• [Available data]
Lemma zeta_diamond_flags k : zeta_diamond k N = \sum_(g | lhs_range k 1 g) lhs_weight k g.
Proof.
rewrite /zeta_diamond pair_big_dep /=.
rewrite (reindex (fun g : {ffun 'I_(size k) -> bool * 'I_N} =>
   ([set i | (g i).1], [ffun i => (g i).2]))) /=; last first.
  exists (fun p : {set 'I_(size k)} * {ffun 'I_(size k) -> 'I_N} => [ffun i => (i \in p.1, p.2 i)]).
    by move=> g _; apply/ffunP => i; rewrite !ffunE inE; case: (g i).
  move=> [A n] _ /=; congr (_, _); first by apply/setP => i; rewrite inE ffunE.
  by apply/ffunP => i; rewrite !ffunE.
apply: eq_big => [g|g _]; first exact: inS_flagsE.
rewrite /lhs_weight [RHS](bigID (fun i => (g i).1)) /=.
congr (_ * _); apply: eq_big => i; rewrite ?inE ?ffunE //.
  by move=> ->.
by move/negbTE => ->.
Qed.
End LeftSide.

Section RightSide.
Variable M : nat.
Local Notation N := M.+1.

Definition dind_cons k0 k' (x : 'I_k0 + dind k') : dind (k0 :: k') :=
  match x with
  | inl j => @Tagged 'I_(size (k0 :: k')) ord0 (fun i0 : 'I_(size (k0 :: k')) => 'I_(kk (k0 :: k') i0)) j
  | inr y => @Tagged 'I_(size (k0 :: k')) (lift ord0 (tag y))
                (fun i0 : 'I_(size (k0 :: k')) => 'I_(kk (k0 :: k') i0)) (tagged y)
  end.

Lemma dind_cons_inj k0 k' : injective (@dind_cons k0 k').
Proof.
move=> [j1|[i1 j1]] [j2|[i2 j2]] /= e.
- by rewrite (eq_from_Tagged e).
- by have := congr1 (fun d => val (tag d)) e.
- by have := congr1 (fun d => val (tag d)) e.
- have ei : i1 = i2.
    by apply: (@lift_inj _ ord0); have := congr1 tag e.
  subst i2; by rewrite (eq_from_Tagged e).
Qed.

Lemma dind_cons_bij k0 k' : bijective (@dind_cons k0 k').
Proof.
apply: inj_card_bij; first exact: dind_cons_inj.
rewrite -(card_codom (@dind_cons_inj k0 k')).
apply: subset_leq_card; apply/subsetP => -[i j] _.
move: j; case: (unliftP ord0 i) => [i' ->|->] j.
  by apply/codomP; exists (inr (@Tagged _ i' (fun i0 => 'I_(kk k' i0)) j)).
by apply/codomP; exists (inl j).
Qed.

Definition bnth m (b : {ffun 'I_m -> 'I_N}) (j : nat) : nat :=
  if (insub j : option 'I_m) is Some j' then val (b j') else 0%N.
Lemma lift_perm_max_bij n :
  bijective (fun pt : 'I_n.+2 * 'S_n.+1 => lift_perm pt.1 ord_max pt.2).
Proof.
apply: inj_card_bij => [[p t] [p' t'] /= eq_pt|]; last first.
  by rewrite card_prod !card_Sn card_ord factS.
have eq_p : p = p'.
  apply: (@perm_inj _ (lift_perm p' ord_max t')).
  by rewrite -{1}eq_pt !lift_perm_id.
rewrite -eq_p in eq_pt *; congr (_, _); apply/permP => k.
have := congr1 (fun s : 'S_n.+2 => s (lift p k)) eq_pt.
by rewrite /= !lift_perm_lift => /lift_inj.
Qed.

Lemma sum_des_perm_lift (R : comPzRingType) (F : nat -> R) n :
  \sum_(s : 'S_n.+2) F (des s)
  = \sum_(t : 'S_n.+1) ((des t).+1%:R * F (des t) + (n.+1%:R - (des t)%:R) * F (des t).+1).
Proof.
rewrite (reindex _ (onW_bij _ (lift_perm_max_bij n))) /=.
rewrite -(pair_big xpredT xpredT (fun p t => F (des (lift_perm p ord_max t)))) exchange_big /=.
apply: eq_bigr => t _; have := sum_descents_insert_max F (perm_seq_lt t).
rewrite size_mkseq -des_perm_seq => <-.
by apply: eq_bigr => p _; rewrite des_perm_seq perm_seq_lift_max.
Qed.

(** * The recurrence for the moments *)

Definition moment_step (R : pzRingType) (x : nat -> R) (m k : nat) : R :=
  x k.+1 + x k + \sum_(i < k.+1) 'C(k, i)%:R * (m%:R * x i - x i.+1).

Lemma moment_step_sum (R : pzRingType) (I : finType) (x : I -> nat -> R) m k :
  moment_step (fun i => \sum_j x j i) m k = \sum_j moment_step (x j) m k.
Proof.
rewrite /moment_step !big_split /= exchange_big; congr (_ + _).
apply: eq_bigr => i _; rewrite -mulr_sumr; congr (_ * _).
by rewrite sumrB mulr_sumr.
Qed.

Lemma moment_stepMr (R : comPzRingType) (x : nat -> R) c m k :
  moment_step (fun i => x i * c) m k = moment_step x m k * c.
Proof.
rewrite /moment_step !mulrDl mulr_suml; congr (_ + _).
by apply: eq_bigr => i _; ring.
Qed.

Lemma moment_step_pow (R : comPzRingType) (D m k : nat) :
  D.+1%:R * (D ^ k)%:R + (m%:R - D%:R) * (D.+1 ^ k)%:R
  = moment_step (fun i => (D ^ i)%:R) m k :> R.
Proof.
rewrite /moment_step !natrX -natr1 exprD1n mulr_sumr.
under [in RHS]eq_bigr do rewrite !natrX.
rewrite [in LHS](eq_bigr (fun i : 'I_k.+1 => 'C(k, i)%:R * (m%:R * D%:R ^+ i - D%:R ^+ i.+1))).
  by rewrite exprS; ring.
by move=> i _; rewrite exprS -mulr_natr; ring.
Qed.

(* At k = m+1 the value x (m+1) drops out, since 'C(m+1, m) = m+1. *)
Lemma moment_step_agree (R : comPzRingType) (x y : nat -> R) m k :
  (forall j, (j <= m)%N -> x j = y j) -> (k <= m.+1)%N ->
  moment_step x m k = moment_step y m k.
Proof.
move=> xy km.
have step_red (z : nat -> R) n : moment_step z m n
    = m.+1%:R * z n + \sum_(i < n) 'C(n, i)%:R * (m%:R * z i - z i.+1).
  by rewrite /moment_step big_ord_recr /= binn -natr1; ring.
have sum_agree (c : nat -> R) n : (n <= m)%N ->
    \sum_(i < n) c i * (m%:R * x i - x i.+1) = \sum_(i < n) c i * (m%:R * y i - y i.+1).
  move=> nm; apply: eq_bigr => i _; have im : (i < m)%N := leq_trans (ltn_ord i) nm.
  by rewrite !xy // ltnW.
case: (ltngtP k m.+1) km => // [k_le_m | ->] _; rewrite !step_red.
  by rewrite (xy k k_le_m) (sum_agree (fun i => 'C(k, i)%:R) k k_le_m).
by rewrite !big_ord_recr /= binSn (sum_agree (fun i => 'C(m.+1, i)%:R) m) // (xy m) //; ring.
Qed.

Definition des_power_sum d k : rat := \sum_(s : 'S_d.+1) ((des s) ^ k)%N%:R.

• [Work to complete]
Exact copies of the lines from the one containing "move=> nm; apply: eq_bigr" through the final line of the records are all the answer should hold.

• [Result for this exercise]
  move=> nm; apply: eq_bigr => i _; have im : (i < m)%N := leq_trans (ltn_ord i) nm.
  by rewrite !xy // ltnW.
case: (ltngtP k m.+1) km => // [k_le_m | ->] _; rewrite !step_red.
  by rewrite (xy k k_le_m) (sum_agree (fun i => 'C(k, i)%:R) k k_le_m).
by rewrite !big_ord_recr /= binSn (sum_agree (fun i => 'C(m.+1, i)%:R) m) // (xy m) //; ring.
Qed.

Definition des_power_sum d k : rat := \sum_(s : 'S_d.+1) ((des s) ^ k)%N%:R.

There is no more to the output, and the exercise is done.